Definition retest_code : jcode X Y Z n :=
  @JCode X Y Z n (msize c) (msize_gt0 c) (enc c) (dec c)
    (fun y x => if x == x0 then D y else disc c y x).

Lemma eps0_retest (W : X -> Y -> R) x :
  eps0 W retest_code x = if x == x0 then \sum_(y | D y) mless W x0 y else eps0 W c x.
Proof. by rewrite /eps0 /=; case: eqP => [->|]. Qed.

Lemma eps1_retest (V : X -> Y -> R) x :
  eps1 V retest_code x = if x == x0 then \sum_(y | ~~ D y) mless V x0 y else eps1 V c x.
Proof. by rewrite /eps1 /=; case: eqP => [->|]. Qed.

Lemma retest_eps0C_le (W : X -> Y -> R) A :
  eps0C W c <= A -> \sum_(y | D y) mless W x0 y <= A -> eps0C W retest_code <= A.
Proof.
move=> le_cA le_DA; apply: bigmax_le => [|m _].
  exact: le_trans (bigmax_ge_id _ _ _ _) le_cA.
rewrite eps0_retest; case: eqP => // _; apply: le_trans le_cA.
exact: (le_bigmax _ (fun m => eps0 W c (enc c m))).
Qed.

Lemma retest_eps1C_le (V : X -> Y -> R) B :
  eps1C V c <= B -> \sum_(y | ~~ D y) mless V x0 y <= B -> eps1C V retest_code <= B.
Proof.
move=> le_cB le_DB; apply: bigmax_le => [|m _].
  exact: le_trans (bigmax_ge_id _ _ _ _) le_cB.
rewrite eps1_retest; case: eqP => // _; apply: le_trans le_cB.
exact: (le_bigmax _ (fun m => eps1 V c (enc c m))).
Qed.

Lemma retest_eps0C_ge (W : X -> Y -> R) m :
  x0 = enc c m -> \sum_(y | D y) mless W x0 y <= eps0C W retest_code.
Proof.
move=> x0E; apply: le_trans (le_bigmax _ (fun m => eps0 W retest_code (enc c m)) m).
by rewrite eps0_retest -x0E eqxx.
Qed.

Lemma retest_eps1C_ge (V : X -> Y -> R) m :
  x0 = enc c m -> \sum_(y | ~~ D y) mless V x0 y <= eps1C V retest_code.
Proof.
move=> x0E; apply: le_trans (le_bigmax _ (fun m => eps1 V retest_code (enc c m)) m).
by rewrite eps1_retest -x0E eqxx.
Qed.

End Retest.

Lemma enlarge_test_region {R : realType} {X Y : finType} (Q Q' : X -> Y -> R) n
    (x : word X n) (S : pred (word Y n)) (A B : R) :
  stochastic Q -> stochastic Q' -> (forall a y, 0 < Q a y) ->
  A <= 1 -> B < 1 ->
  \sum_(y | S y) mless Q x y <= A -> \sum_(y | ~~ S y) mless Q' x y <= B ->
  exists2 D : pred (word Y n), \sum_(y | ~~ D y) mless Q' x y <= B &
    A / (3 * ratio_bound Q) <= \sum_(y | D y) mless Q x y <= A.
Proof.
move=> hQ hQ' Q_gt0 A_le1 B_lt1 le_SA le_SB.
have exS := exists_of_mless_psum_lt1 hQ' (le_lt_trans le_SB B_lt1).
have A_gt0 := lt_le_trans (psum_mless_gt0 hQ Q_gt0 x exS) le_SA.
have [|D subSD hD] := enlarge_pred (mless_ge0 hQ x) (mless_sum1 hQ x)
  (ratio_bound_ge1 Q) (mless_bridge hQ Q_gt0 (x := x)) exS _ le_SA.
  by rewrite A_gt0.
exists D => //; apply: le_trans le_SB; apply: ler_psum_subset => [y|y].
  exact: mless_ge0.
by apply: contra; exact: subSD.
Qed.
◇ ◇ ◇ ◇ ◇
== Task details ==
Wherever the string "case" occurs in the records, copy the line it is in.

== Answer section ==
Proof. by rewrite /eps0 /=; case: eqP => [->|]. Qed.
Proof. by rewrite /eps1 /=; case: eqP => [->|]. Qed.
rewrite eps0_retest; case: eqP => // _; apply: le_trans le_cA.
rewrite eps1_retest; case: eqP => // _; apply: le_trans le_cB.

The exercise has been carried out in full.